Enhancing Tissue Factor Production: The Role of N-Glycosylation and ERAD Pathway Modulation.

Abstract

Background: Tissue Factor (TF) is a crucial transmembrane glycoprotein that triggers blood coagulation upon vascular or tissue injury by binding to plasma factors VII and VIIa. In recent years, the demand for TF has rapidly increased due to its pivotal role in preoperative coagulation tests. However, large-scale production of TF remains challenging despite successful recombinant expression, as incorrect post-translational modifications adversely affect TF activity.

Objective: This study aims to investigate the role of post-translational modifications, specifically N-glycosylation, in TF activity and stability. Additionally, it explores strategies to enhance TF production by reducing its degradation through genetic modulation.
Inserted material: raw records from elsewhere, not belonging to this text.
(* Let $n\in\mathbb{N}$, $H\in\mathbb{R}^{n\times n}$, $W\succ 0$ in $\mathbb{R}^{n\times n}$, and $C=\mathrm{diag}(C_{11},\dots,C_{nn})$ diagonal with all $C_{ii}\ne 0$; assume $(H,C)$ observable and $(H,D)$ controllable where $W=DD^T$. Let $\Delta>0$ (the $\ell_2$-sensitivity $\Delta_{\ell_2}y$), let $\delta\in[10^{-5},10^{-1}]$, let $\epsilon>0$, and set $$\sigma=\frac{\Delta}{2\epsilon}\Big(K_\delta+\sqrt{K_\delta^2+2\epsilon}\Big),\qquad K_\delta:=\mathcal Q^{-1}(\delta),$$ and $V=\sigma^2 I_n$. Let $\Sigma$ be the unique positive semidefinite solution of $\Sigma = H\Sigma H^T - H\Sigma C^T(C\Sigma C^T+V)^{-1}C\Sigma H^T + W$. Let $B_l,B_u$ satisfy $\mathrm{tr}\,W<B_l<\mathrm{tr}\,W+\mathrm{tr}(H^TH)\lambda_n(W)$ and $B_u>\mathrm{tr}\,W$, and define $$\eta_1:=\left(\frac{(B_l-\mathrm{tr}\,W)\,\lambda_n(W)\,C_u^2}{\Delta^2\big(\mathrm{tr}(H^TH)\lambda_n(W)-B_l+\mathrm{tr}\,W\big)}\right)^{1/2},\qquad \eta_3:=\left(\frac{(B_u-\mathrm{tr}\,W)\,C_l^2}{\Delta^2\,\mathrm{tr}(H^TH)}\right)^{1/2}.$$ If $$\frac18\left(\frac{1+\sqrt{36\eta_3+1}}{\eta_3}\right)^2\le\epsilon,$$ then $\mathrm{tr}\,\Sigma\le B_u$; and if $\epsilon\le 1/\eta_1$, then $\mathrm{tr}\,\Sigma\ge B_l$. In particular, if both inequalities on $\epsilon$ hold, then $B_l\le\mathrm{tr}\,\Sigma\le B_u$.
   Context: $\mathcal Q(y)=\frac{1}{\sqrt{2\pi}}\int_y^\infty e^{-z^2/2}\,dz$ is the Gaussian tail function and $\mathcal Q^{-1}$ its inverse. The noise level $\sigma$ is the Gaussian-mechanism noise giving $(\epsilon,\delta)$-differential privacy of the state trajectory when $\Delta$ is the sensitivity $\Delta_{\ell_2}y=\sup\{\|Cx-Cx'\|_{\ell_2}:\|x-x'\|_{\ell_2}\le B\}$; for the claim, $\Delta$ may be any positive constant. $\mathrm{tr}\,\Sigma$ is the steady-state mean squared a priori (prediction) error of the Kalman filter. $\lambda_n(W)$ is the smallest eigenvalue of $W$. $C_l:=C_{ll}$ with $l=\arg\min_i C_{ii}^2$ and $C_u:=C_{uu}$ with $u=\arg\max_i C_{ii}^2$. *)

From Stdlib Require Import Reals Lra.
Open Scope R_scope.

(* Real matrices are functions nat -> nat -> R; only entries with indices
   below the relevant dimensions matter.  Vectors are nat -> R. *)
Definition mat := nat -> nat -> R.
Definition vec := nat -> R.

Fixpoint rsum (n : nat) (f : nat -> R) : R :=
  match n with O => 0 | S k => rsum k f + f k end.

Definition mmul (k : nat) (A B : mat) : mat :=
  fun i j => rsum k (fun l => A i l * B l j).
Definition madd (A B : mat) : mat := fun i j => A i j + B i j.
Definition msub (A B : mat) : mat := fun i j => A i j - B i j.
Definition mtr (A : mat) : mat := fun i j => A j i.
Definition mscal (c : R) (A : mat) : mat := fun i j => c * A i j.
Definition mid : mat := fun i j => if Nat.eqb i j then 1 else 0.
Definition mvec (k : nat) (A : mat) (x : vec) : vec :=
  fun i => rsum k (fun l => A i l * x l).
Fixpoint mpow (n : nat) (A : mat) (p : nat) : mat :=
  match p with O => mid | S q => mmul n A (mpow n A q) end.

Definition meq (a b : nat) (A B : mat) : Prop :=
  forall i j, (i < a)%nat -> (j < b)%nat -> A i j = B i j.

Definition trace (n : nat) (A : mat) : R := rsum n (fun i => A i i).

Definition symmetric (n : nat) (A : mat) : Prop := meq n n A (mtr A).
Definition quad (n : nat) (A : mat) (x : vec) : R :=
  rsum n (fun i => x i * mvec n A x i).
Definition nonzero_vec (n : nat) (x : vec) : Prop := exists i, (i < n)%nat /\ x i <> 0.
Lemma gapset_wordsP g G :
  G \in [seq kunz_set w | w <- gapset_words g] <->
  [/\ is_gapset G, genus G = g & depth G <= 3].
Proof.
split => [/mapP[w] | [gG <- dG]].
  rewrite mem_filter mem_ternary_words => /and3P[/gapsetP gw w2 /eqP <-] ->.
  by rewrite genus_kunz_set depth_kunz_set.
have GE := kunz_wordK gG; rewrite -GE genus_kunz_set; apply: map_f.
by rewrite mem_filter mem_ternary_words -depth_kunz_set GE dG eqxx !andbT; apply/gapsetP.
Qed.

Lemma size_gapset_words_leq g : size (gapset_words g) <= trib g.+1.
Proof. by rewrite size_filter -size_ternary_words count_size. Qed.

Lemma fib_leq_size_gapset_words g : 2 * fib g.+3 <= size (gapset_words g.+3).
Proof.
pose binary k := [seq w <- ternary_words k | all (leq^~ 1) w].
have binaryP k w : w \in binary k -> all (leq^~ 1) w /\ weight w = k.
  by rewrite mem_filter mem_ternary_words => /and3P[? _ /eqP].
have ternary_of_binary w : all (leq^~ 1) w -> all (leq^~ 2) w.
  by apply: sub_all => a /leqW.
set L := binary g.+3 ++ [seq 2 :: w | w <- binary g].
have -> : 2 * fib g.+3 = size L.
  rewrite size_cat size_map !size_filter !count_binary_ternary_words.
  have fibSS k : fib k.+2 = fib k.+1 + fib k by [].
  rewrite !fibSS; lia.
apply: uniq_leq_size => [|w].
  rewrite cat_uniq !filter_uniq ?uniq_ternary_words // (map_inj_uniq (cons_inj 2)).
  rewrite filter_uniq ?uniq_ternary_words // andbT.
  by apply/hasPn => _ /mapP[w _ ->]; rewrite mem_filter.
rewrite mem_cat => /orP[/binaryP[w_le <-] | /mapP[u /binaryP[u_le u_wt] ->]];
  rewrite mem_filter mem_ternary_words.
  by rewrite ternary_of_binary ?eqxx ?andbT //; apply/gapsetP/is_gapset_kunz_set_binary.
rewrite /= ternary_of_binary // weight_cons u_wt eqxx !andbT.
by apply/gapsetP/is_gapset_kunz_set_cons2.
Qed.

Theorem mainTheorem3 (g : nat) : 3 <= g ->
  exists s : seq {fset nat},
    [/\ uniq s,
        (forall G : {fset nat},
           G \in s <-> [/\ is_gapset G, genus G = g & depth G <= 3]),
        2 * fib g <= size s
      & size s <= trib g.+1].
Proof.
move=> g_ge3; exists [seq kunz_set w | w <- gapset_words g]; split.
- by rewrite (map_inj_uniq kunz_set_inj) filter_uniq // uniq_ternary_words.
- exact: gapset_wordsP.
- by rewrite size_map -(subnK g_ge3) addn3 fib_leq_size_gapset_words.
- by rewrite size_map size_gapset_words_leq.
Qed.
Methods: We compared TF activity derived from human cells and E. coli to assess the impact of post-translational modifications. Furthermore, we examined the effect of N-glycosylation on TF function. To address TF degradation, we knocked out the HRD1 gene, a key component of the endoplasmic- reticulum-associated degradation (ERAD) pathway, and evaluated its impact on TF stability and activity.

Results: TF produced in human cells exhibited higher activity than TF expressed in E. coli, emphasizing the importance of post-translational modifications. Specifically, N-glycosylation was found to influence TF activity and stability significantly. Additionally, we observed that knocking out the HRD1 gene effectively reduced TF degradation without compromising its activity.

Conclusion: Our findings underscore the crucial role of N-glycosylation in TF function and stability. Moreover, the modulation of the ERAD pathway through HRD1 knockout presents a promising approach for enhancing TF production. These insights could contribute to the large-scale manufacturing of functionally active TF for clinical and research applications.